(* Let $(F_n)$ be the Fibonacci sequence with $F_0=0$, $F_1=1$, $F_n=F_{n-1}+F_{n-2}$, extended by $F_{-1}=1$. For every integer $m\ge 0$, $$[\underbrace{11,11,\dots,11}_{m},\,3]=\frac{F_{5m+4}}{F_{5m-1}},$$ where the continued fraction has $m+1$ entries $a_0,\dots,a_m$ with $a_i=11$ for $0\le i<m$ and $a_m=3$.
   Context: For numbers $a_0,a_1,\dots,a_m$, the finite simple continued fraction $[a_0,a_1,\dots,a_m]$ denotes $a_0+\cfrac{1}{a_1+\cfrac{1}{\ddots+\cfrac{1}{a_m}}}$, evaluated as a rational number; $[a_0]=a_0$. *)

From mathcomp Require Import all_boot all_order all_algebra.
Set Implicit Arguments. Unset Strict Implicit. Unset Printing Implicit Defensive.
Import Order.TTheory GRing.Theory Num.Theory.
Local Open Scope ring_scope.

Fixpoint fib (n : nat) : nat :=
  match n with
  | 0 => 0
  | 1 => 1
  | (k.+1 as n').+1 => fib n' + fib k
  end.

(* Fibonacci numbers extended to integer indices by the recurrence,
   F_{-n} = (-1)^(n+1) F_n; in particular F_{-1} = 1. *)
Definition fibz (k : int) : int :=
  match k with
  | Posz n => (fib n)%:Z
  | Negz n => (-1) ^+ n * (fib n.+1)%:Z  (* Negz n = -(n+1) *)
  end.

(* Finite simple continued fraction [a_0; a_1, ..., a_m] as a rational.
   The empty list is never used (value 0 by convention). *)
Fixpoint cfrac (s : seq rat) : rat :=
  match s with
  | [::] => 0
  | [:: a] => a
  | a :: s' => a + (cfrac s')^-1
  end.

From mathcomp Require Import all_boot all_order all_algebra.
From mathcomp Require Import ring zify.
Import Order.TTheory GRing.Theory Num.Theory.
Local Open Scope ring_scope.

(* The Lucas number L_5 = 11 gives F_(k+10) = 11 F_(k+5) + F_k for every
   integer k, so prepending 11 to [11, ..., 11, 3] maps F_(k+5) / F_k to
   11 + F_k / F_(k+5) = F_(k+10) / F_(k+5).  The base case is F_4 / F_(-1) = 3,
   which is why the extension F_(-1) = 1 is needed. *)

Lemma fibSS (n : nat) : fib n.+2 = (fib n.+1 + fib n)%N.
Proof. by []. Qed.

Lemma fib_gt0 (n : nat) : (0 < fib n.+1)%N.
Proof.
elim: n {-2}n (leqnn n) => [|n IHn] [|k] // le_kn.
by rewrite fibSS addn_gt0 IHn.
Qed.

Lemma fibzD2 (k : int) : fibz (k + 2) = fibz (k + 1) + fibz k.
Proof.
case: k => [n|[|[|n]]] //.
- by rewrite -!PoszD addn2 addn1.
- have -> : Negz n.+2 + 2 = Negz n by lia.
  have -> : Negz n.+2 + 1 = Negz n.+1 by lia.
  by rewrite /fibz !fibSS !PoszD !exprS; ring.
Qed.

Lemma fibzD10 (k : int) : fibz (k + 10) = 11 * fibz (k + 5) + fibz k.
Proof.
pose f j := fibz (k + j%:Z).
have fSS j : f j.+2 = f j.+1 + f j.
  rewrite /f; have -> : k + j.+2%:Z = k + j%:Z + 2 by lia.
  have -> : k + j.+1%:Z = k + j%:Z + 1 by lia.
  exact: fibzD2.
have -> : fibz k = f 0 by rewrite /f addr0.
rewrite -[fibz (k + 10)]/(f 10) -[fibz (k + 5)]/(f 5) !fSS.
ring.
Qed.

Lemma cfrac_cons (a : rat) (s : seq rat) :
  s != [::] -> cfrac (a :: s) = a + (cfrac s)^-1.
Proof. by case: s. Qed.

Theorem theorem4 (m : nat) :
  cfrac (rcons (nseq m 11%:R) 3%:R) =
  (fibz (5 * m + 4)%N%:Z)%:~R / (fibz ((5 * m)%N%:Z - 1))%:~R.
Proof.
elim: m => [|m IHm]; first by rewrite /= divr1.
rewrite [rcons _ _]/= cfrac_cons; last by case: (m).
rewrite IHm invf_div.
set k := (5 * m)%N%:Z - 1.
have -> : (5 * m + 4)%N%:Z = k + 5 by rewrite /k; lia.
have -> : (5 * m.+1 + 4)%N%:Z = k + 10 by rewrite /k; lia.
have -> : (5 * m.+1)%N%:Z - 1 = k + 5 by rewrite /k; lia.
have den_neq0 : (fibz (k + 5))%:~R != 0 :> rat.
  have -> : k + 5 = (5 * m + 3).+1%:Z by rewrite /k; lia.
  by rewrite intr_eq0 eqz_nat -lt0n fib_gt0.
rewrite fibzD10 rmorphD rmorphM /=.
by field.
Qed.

--

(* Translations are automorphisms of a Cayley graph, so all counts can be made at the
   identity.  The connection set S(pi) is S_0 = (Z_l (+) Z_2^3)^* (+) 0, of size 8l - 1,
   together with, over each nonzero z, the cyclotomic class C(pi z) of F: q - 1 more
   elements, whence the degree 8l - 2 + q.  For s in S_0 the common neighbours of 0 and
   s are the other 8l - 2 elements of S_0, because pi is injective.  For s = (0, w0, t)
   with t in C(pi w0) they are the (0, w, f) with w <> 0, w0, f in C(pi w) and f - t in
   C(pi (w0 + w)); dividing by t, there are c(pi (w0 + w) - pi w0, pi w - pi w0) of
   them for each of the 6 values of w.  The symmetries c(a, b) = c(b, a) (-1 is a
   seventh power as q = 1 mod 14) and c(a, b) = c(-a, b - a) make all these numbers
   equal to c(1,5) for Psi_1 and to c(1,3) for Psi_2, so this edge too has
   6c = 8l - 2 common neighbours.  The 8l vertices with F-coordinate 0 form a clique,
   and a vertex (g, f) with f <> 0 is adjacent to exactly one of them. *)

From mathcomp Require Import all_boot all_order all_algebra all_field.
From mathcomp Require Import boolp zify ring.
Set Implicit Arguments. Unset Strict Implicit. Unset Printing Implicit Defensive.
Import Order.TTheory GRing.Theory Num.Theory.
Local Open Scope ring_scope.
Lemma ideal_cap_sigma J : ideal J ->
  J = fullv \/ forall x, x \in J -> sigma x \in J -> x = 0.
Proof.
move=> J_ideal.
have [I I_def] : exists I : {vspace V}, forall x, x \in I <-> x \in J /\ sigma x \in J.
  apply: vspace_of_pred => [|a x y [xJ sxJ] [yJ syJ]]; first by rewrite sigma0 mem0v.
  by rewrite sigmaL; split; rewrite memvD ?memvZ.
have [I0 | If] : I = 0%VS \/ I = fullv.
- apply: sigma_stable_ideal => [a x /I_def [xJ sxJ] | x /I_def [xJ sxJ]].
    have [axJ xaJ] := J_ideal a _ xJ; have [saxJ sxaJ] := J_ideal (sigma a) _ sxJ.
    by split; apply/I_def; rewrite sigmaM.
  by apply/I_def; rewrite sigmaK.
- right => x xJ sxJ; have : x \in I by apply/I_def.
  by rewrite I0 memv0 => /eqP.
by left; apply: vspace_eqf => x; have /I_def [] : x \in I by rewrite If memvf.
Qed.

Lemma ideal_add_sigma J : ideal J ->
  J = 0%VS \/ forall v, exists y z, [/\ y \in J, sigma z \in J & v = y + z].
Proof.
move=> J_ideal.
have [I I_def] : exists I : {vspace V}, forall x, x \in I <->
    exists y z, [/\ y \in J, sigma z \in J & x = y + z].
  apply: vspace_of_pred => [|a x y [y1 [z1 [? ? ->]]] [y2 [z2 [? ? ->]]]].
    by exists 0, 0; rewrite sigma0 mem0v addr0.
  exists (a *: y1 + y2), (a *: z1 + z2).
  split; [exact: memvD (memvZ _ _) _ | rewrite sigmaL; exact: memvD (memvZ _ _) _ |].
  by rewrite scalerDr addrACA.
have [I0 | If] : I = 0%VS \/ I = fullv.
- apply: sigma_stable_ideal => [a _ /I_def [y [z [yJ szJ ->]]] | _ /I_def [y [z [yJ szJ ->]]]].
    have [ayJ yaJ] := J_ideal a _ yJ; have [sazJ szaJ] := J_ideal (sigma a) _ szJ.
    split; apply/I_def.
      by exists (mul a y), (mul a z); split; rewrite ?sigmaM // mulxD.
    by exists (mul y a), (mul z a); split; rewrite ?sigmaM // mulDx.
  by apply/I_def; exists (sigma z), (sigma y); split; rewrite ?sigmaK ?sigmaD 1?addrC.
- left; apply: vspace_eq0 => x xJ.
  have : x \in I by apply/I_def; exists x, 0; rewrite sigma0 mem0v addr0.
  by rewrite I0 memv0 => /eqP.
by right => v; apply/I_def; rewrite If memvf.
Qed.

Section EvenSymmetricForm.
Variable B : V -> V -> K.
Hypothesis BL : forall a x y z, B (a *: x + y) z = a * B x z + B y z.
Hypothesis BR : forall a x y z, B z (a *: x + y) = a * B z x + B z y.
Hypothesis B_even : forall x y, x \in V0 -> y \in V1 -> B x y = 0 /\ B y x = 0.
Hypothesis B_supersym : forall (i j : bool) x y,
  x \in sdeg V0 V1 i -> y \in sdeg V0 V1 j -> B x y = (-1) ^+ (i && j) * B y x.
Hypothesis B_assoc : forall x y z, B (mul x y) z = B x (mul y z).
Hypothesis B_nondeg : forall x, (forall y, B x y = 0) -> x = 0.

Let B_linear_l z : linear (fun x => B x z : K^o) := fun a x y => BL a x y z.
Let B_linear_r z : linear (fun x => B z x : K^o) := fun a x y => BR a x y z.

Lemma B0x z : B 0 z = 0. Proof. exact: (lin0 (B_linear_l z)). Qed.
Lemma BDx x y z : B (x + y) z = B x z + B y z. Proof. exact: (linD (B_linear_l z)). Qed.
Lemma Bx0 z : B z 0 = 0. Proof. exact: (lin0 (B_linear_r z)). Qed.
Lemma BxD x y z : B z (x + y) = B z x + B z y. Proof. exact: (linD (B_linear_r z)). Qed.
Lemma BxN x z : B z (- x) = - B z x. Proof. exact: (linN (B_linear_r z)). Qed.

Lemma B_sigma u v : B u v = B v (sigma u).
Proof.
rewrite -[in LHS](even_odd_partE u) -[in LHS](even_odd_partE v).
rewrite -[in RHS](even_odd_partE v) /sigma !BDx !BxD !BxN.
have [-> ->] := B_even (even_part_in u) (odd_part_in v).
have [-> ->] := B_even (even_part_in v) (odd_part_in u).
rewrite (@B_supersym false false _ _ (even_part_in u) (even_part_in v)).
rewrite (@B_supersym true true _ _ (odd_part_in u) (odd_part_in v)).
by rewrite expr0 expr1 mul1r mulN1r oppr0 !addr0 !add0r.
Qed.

...

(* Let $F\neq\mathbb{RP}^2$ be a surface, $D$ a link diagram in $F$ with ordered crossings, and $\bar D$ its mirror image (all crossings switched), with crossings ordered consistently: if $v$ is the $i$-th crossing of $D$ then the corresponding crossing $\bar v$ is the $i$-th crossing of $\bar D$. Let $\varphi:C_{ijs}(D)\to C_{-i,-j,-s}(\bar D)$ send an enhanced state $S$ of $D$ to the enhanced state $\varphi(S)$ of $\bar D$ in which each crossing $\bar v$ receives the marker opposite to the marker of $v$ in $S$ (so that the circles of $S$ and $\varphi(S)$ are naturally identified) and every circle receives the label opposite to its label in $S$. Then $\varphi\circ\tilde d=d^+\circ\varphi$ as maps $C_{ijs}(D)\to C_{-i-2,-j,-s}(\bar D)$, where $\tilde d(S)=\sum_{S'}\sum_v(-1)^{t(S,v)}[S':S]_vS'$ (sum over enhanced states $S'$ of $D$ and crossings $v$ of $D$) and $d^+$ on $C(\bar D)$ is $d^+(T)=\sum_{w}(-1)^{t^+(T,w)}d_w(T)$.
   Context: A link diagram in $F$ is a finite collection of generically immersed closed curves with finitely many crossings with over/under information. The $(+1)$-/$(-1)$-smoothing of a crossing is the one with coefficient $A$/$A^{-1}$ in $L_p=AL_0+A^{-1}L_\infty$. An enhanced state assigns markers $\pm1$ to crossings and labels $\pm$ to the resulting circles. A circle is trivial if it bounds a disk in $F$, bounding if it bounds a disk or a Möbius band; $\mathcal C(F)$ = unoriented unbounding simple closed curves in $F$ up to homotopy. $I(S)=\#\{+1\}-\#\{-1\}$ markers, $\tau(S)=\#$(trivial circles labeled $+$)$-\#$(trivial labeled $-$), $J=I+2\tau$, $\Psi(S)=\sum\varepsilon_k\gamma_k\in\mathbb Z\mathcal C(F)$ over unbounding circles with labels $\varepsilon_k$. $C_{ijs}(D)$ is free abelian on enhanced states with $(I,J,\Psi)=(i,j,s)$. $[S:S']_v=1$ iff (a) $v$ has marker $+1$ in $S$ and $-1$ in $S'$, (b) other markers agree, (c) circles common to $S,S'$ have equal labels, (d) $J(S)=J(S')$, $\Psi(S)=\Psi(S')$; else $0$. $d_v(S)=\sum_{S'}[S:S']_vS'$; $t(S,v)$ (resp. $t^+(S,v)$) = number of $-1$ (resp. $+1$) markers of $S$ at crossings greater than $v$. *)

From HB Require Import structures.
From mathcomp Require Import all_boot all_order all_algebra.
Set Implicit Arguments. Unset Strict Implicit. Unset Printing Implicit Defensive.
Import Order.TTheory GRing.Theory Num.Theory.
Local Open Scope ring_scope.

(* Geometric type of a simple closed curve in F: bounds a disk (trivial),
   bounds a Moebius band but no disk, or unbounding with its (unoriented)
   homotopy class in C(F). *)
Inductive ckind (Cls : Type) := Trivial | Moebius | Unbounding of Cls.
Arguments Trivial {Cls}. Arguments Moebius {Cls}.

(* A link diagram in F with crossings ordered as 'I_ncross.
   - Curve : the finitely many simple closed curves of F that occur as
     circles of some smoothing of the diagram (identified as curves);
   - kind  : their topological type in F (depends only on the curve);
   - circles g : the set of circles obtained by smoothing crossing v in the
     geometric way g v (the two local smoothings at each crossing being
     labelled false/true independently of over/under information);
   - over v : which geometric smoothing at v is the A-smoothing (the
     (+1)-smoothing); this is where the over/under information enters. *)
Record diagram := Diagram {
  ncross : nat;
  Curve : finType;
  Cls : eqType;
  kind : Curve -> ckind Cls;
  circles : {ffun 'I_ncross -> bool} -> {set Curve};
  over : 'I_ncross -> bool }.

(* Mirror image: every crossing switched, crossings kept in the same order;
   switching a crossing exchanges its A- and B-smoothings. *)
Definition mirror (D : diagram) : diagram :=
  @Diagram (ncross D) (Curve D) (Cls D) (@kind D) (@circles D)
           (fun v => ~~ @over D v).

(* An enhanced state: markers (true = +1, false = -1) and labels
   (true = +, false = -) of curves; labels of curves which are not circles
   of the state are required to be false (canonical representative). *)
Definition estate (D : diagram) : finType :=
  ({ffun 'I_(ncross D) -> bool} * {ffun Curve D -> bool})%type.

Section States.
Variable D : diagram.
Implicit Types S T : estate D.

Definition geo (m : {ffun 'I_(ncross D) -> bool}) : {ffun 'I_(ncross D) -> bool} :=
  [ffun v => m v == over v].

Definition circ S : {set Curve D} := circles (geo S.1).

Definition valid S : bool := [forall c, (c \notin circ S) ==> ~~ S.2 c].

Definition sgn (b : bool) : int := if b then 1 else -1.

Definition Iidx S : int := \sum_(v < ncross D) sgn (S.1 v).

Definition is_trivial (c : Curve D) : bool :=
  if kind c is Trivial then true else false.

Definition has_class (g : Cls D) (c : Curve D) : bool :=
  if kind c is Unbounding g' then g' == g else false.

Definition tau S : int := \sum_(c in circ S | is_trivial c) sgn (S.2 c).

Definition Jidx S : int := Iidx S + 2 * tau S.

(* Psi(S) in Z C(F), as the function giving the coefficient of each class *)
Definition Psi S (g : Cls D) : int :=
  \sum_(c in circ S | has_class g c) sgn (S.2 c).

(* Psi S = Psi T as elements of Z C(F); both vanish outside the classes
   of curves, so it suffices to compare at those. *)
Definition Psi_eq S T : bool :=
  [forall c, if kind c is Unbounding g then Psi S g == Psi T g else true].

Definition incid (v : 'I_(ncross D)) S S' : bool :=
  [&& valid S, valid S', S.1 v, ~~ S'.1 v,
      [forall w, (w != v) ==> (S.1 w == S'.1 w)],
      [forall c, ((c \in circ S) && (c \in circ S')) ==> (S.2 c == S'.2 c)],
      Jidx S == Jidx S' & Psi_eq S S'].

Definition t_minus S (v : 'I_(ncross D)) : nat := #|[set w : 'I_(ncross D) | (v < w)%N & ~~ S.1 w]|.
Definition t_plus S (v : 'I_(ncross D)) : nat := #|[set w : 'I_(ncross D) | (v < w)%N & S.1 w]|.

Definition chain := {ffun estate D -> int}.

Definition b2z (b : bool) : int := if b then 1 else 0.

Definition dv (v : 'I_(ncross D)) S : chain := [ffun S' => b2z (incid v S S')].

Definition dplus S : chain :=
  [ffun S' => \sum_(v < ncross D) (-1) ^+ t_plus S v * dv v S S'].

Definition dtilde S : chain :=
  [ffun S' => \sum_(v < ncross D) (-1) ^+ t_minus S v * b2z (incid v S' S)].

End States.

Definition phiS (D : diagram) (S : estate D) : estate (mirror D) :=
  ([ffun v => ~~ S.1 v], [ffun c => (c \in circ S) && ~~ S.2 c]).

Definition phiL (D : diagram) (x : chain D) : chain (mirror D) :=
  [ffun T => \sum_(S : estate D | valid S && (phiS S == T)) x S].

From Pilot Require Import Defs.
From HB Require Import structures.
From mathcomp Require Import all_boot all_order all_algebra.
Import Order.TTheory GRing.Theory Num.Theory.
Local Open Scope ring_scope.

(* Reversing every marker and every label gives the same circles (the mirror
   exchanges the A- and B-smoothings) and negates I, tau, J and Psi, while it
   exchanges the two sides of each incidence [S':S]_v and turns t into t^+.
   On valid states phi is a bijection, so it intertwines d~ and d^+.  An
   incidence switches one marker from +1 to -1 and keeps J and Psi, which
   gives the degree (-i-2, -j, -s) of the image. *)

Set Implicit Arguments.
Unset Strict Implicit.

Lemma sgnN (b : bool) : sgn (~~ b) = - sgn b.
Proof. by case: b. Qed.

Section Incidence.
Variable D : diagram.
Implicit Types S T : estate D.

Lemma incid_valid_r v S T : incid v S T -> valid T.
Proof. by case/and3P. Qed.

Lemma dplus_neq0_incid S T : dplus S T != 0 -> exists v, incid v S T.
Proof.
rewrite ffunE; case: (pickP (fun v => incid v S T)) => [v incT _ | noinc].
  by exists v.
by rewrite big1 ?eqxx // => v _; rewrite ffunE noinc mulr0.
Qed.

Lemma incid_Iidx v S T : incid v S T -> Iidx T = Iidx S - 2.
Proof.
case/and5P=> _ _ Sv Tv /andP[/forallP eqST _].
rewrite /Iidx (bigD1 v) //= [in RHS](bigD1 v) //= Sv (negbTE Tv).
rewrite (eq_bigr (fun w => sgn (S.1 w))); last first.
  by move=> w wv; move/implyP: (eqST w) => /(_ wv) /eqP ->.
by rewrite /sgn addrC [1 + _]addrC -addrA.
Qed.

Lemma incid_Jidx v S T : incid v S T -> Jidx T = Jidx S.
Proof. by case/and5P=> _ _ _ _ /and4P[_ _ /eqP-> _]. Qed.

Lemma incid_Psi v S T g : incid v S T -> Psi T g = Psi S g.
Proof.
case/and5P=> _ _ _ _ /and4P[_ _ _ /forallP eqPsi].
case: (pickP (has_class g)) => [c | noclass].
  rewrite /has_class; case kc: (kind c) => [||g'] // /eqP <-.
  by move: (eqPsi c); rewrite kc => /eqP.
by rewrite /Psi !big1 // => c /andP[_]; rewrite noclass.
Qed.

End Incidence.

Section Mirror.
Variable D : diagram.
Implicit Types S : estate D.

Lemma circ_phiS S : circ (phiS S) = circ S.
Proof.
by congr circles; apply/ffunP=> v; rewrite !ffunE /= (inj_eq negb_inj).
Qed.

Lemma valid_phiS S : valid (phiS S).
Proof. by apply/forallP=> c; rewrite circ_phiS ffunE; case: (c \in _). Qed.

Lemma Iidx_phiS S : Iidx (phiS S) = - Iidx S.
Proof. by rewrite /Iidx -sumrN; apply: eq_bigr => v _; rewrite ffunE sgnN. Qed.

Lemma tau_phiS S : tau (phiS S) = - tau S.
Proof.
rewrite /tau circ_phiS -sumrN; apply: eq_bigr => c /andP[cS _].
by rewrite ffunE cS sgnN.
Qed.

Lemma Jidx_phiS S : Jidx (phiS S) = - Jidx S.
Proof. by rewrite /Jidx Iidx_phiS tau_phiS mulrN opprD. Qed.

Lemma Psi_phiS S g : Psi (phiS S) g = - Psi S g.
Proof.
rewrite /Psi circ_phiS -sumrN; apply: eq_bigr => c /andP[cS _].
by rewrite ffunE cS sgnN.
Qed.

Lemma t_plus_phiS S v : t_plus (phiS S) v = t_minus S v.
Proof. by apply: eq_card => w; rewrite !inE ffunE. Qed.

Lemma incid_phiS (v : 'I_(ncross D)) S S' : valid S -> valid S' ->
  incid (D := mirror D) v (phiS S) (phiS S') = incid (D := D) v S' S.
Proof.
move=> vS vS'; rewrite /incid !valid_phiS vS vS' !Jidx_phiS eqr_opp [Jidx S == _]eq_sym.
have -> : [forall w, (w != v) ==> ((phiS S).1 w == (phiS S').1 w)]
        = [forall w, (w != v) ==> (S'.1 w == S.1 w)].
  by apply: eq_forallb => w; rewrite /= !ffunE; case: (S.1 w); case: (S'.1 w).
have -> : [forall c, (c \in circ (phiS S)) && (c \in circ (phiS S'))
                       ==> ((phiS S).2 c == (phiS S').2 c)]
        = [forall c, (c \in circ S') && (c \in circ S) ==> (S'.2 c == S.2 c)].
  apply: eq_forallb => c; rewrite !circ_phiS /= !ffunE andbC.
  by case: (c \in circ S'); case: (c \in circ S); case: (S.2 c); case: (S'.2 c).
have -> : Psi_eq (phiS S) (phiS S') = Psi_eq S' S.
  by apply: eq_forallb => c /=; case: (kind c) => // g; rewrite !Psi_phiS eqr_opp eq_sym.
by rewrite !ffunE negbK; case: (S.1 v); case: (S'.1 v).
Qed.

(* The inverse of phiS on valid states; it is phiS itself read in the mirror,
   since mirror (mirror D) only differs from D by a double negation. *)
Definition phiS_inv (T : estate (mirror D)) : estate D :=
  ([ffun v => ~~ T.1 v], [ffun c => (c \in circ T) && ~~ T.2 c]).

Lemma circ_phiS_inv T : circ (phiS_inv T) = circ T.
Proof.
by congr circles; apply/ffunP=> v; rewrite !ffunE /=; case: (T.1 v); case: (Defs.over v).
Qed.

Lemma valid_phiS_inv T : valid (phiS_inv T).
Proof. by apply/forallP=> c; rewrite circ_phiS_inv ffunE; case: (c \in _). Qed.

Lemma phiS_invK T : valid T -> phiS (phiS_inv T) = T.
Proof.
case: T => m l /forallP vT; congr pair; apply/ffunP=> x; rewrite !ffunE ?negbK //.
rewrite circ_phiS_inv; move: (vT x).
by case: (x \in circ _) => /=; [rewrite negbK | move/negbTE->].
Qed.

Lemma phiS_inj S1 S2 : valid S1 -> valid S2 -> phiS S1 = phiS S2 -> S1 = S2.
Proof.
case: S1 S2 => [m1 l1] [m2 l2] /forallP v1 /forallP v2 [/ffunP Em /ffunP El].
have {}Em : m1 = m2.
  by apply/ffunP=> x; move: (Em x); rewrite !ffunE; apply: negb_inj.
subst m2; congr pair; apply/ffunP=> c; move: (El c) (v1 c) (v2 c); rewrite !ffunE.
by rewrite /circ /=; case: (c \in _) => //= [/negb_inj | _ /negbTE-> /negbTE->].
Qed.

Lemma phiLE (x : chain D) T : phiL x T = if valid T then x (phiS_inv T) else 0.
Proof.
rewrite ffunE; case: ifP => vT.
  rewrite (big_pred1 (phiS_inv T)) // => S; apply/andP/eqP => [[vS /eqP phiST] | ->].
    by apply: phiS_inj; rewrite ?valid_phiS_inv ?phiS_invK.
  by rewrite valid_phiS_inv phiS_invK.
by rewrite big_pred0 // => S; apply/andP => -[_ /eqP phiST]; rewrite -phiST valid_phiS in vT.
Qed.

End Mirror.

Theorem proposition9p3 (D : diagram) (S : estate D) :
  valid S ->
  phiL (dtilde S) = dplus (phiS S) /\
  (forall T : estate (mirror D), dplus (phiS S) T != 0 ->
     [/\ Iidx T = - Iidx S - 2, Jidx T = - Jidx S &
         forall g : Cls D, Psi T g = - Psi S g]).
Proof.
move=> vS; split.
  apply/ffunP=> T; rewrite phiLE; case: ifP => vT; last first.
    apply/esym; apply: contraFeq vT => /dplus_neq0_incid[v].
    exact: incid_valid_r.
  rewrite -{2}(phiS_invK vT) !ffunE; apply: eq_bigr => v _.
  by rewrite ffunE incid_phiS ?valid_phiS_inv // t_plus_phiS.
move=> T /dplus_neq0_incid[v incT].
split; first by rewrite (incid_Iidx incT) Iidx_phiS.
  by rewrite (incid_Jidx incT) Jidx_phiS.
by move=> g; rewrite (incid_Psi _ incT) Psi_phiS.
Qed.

## Description of the task
Search the data for "which". Copy every matching line.

## Written reply
   which is why the extension F_(-1) = 1 is needed. *)
(* Let $F\neq\mathbb{RP}^2$ be a surface, $D$ a link diagram in $F$ with ordered crossings, and $\bar D$ its mirror image (all crossings switched), with crossings ordered consistently: if $v$ is the $i$-th crossing of $D$ then the corresponding crossing $\bar v$ is the $i$-th crossing of $\bar D$. Let $\varphi:C_{ijs}(D)\to C_{-i,-j,-s}(\bar D)$ send an enhanced state $S$ of $D$ to the enhanced state $\varphi(S)$ of $\bar D$ in which each crossing $\bar v$ receives the marker opposite to the marker of $v$ in $S$ (so that the circles of $S$ and $\varphi(S)$ are naturally identified) and every circle receives the label opposite to its label in $S$. Then $\varphi\circ\tilde d=d^+\circ\varphi$ as maps $C_{ijs}(D)\to C_{-i-2,-j,-s}(\bar D)$, where $\tilde d(S)=\sum_{S'}\sum_v(-1)^{t(S,v)}[S':S]_vS'$ (sum over enhanced states $S'$ of $D$ and crossings $v$ of $D$) and $d^+$ on $C(\bar D)$ is $d^+(T)=\sum_{w}(-1)^{t^+(T,w)}d_w(T)$.
   - over v : which geometric smoothing at v is the A-smoothing (the
   (true = +, false = -) of curves; labels of curves which are not circles
   incidence switches one marker from +1 to -1 and keeps J and Psi, which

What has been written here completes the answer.